■ Information shown

Lemma second_moment_bound (p : nat -> R) (c : R) (M : nat) :
  (forall k, 0 <= p k) -> 0 < c -> Eexp_le2 p c ->
  sum_f_R0 (fun v => p v * INR v ^ 2) M <= 8 * c ^ 2.
Proof.
  intros Hnn Hc HE.
  assert (Hc2 : 0 < c ^ 2) by (apply pow_lt; lra).
  apply Rle_trans with (sum_f_R0 (fun v => p v * exp (INR v / c) * (4 * c ^ 2)) M).
  - apply sum_Rle. intros v _.
    assert (Hv : 0 <= INR v / c)
      by (unfold Rdiv; apply Rmult_le_pos; [apply pos_INR | left; apply Rinv_0_lt_compat; lra]).
    pose proof (sq_le_4exp _ Hv) as Hsq. pose proof (Hnn v).
    replace (INR v ^ 2) with (c ^ 2 * (INR v / c) ^ 2) by (field; lra).
    assert (c ^ 2 * (INR v / c) ^ 2 <= c ^ 2 * (4 * exp (INR v / c)))
      by (apply Rmult_le_compat_l; lra).
    nra.
  - rewrite <- scal_sum. specialize (HE M). nra.
Qed.

(* Truncated Laplace transform: comparing e^{-x} with 1 - x + x^2 termwise,
   sum_{v<=M} p_v e^{-lambda v} <= 1 - lambda sum_{v<=M} v p_v + 8 lambda^2 c^2. *)
Lemma truncated_laplace_bound (p : nat -> R) (c lam : R) (M : nat) :
  is_pmf_pos p -> 0 < c -> Eexp_le2 p c -> 0 <= lam ->
  sum_f_R0 (fun v => p v * exp (- (lam * INR v))) M
  <= 1 - lam * sum_f_R0 (fun v => INR v * p v) M + lam ^ 2 * (8 * c ^ 2).
Proof.
  intros [Hnn [_ Hsum]] Hc HE Hlam.
  apply Rle_trans with
    (sum_f_R0 (fun v => p v - lam * (INR v * p v) + lam ^ 2 * (p v * INR v ^ 2)) M).
  - apply sum_Rle. intros v _.
    assert (Hlv : 0 <= lam * INR v) by (apply Rmult_le_pos; [lra | apply pos_INR]).
    pose proof (exp_neg_quadratic_upper _ Hlv). pose proof (Hnn v).
    apply Rle_trans with (p v * (1 - lam * INR v + (lam * INR v) ^ 2)).
    + apply Rmult_le_compat_l; auto.
    + right. ring.
  - rewrite partial_sum_combination.
    pose proof (sum_incr p M 1 Hsum Hnn).
    pose proof (second_moment_bound p c M Hnn Hc HE).
    assert (0 <= lam ^ 2) by (apply pow_le; lra).
    nra.
Qed.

■ What to produce
Nothing should be left out. Reproduce all the entries precisely.

■ Task answer
Lemma second_moment_bound (p : nat -> R) (c : R) (M : nat) :
  (forall k, 0 <= p k) -> 0 < c -> Eexp_le2 p c ->
  sum_f_R0 (fun v => p v * INR v ^ 2) M <= 8 * c ^ 2.
Proof.
  intros Hnn Hc HE.
  assert (Hc2 : 0 < c ^ 2) by (apply pow_lt; lra).
  apply Rle_trans with (sum_f_R0 (fun v => p v * exp (INR v / c) * (4 * c ^ 2)) M).
  - apply sum_Rle. intros v _.
    assert (Hv : 0 <= INR v / c)
      by (unfold Rdiv; apply Rmult_le_pos; [apply pos_INR | left; apply Rinv_0_lt_compat; lra]).
    pose proof (sq_le_4exp _ Hv) as Hsq. pose proof (Hnn v).
    replace (INR v ^ 2) with (c ^ 2 * (INR v / c) ^ 2) by (field; lra).
    assert (c ^ 2 * (INR v / c) ^ 2 <= c ^ 2 * (4 * exp (INR v / c)))
      by (apply Rmult_le_compat_l; lra).
    nra.
  - rewrite <- scal_sum. specialize (HE M). nra.
Qed.

(* Truncated Laplace transform: comparing e^{-x} with 1 - x + x^2 termwise,
   sum_{v<=M} p_v e^{-lambda v} <= 1 - lambda sum_{v<=M} v p_v + 8 lambda^2 c^2. *)
Lemma truncated_laplace_bound (p : nat -> R) (c lam : R) (M : nat) :
  is_pmf_pos p -> 0 < c -> Eexp_le2 p c -> 0 <= lam ->
  sum_f_R0 (fun v => p v * exp (- (lam * INR v))) M
  <= 1 - lam * sum_f_R0 (fun v => INR v * p v) M + lam ^ 2 * (8 * c ^ 2).
Proof.
  intros [Hnn [_ Hsum]] Hc HE Hlam.
  apply Rle_trans with
    (sum_f_R0 (fun v => p v - lam * (INR v * p v) + lam ^ 2 * (p v * INR v ^ 2)) M).
  - apply sum_Rle. intros v _.
    assert (Hlv : 0 <= lam * INR v) by (apply Rmult_le_pos; [lra | apply pos_INR]).
    pose proof (exp_neg_quadratic_upper _ Hlv). pose proof (Hnn v).
    apply Rle_trans with (p v * (1 - lam * INR v + (lam * INR v) ^ 2)).
    + apply Rmult_le_compat_l; auto.
    + right. ring.
  - rewrite partial_sum_combination.
    pose proof (sum_incr p M 1 Hsum Hnn).
    pose proof (second_moment_bound p c M Hnn Hc HE).
    assert (0 <= lam ^ 2) by (apply pow_le; lra).
    nra.
Qed.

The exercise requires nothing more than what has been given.